• Stored data:
^^^^^^^^^^^^^^^^

Theorem lemma8p2 (h : R) (L : R -> nat) :
  0 < h < 1 ->
  (forall z : Z, 2 / h <> IZR z) ->
  (forall beta : R, 0 < beta -> (n0 h * (n0 h).+1 + 2 <= L beta)%N) ->
  (forall eps : R, 0 < eps -> exists B : R, forall beta : R, B <= beta ->
       Rabs (INR (L beta * L beta)%N * exp (-2 * beta)) < eps) ->
  (exists C0 : R, forall beta : R, 0 < beta -> C0 <= beta ->
     mu h beta (fun s : config (L beta) => valley h s && (s != minus1 (L beta)))
       / mu h beta (pred1 (minus1 (L beta)))
     <= C0 * INR (L beta * L beta)%N * exp (-2 * beta))
  /\
  (forall eps : R, 0 < eps -> exists B : R, forall beta : R, 0 < beta -> B <= beta ->
     Rabs (mu h beta (fun s : config (L beta) => valley h s && (s != minus1 (L beta)))
             / mu h beta (pred1 (minus1 (L beta)))) < eps).
Proof.
move=> hh _ HL Hlim.
have [K [B [K0 bound]]] := valley_ratio_eventually hh HL Hlim.
have X0 beta : 0 <= INR (L beta * L beta) * exp (-2 * beta).
  by apply: Rmult_le_pos; [apply: pos_INR | apply/Rlt_le/exp_pos].
split.
  exists (Rmax B K) => beta b0 hb.
  have [_ le] := bound beta b0 (Rle_trans _ _ _ (Rmax_l _ _) hb).
  rewrite Rmult_assoc; apply: (Rle_trans _ _ _ le).
  by apply: Rmult_le_compat_r; [apply: X0 | exact: Rmax_r].
move=> eps ep.
have [B1 HB1] := Hlim (eps / (K + 1)) ltac:(apply: Rdiv_lt_0_compat; lra).
exists (Rmax B B1) => beta b0 hb.
have [r0 le] := bound beta b0 (Rle_trans _ _ _ (Rmax_l _ _) hb).
have := HB1 beta (Rle_trans _ _ _ (Rmax_r _ _) hb).
rewrite (Rabs_right _ (Rle_ge _ _ r0)) (Rabs_right _ (Rle_ge _ _ (X0 beta))).
move: (INR _ * _) (X0 beta) le => x x0 le small.
have -> : eps = (K + 1) * (eps / (K + 1)) by field; lra.
by apply: (Rle_lt_trans _ ((K + 1) * x)); [nra | apply: Rmult_lt_compat_l; lra].
Qed.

^^^^^^^^^^^^^^^^

Give only the count of lines in the data that include the string "have".

7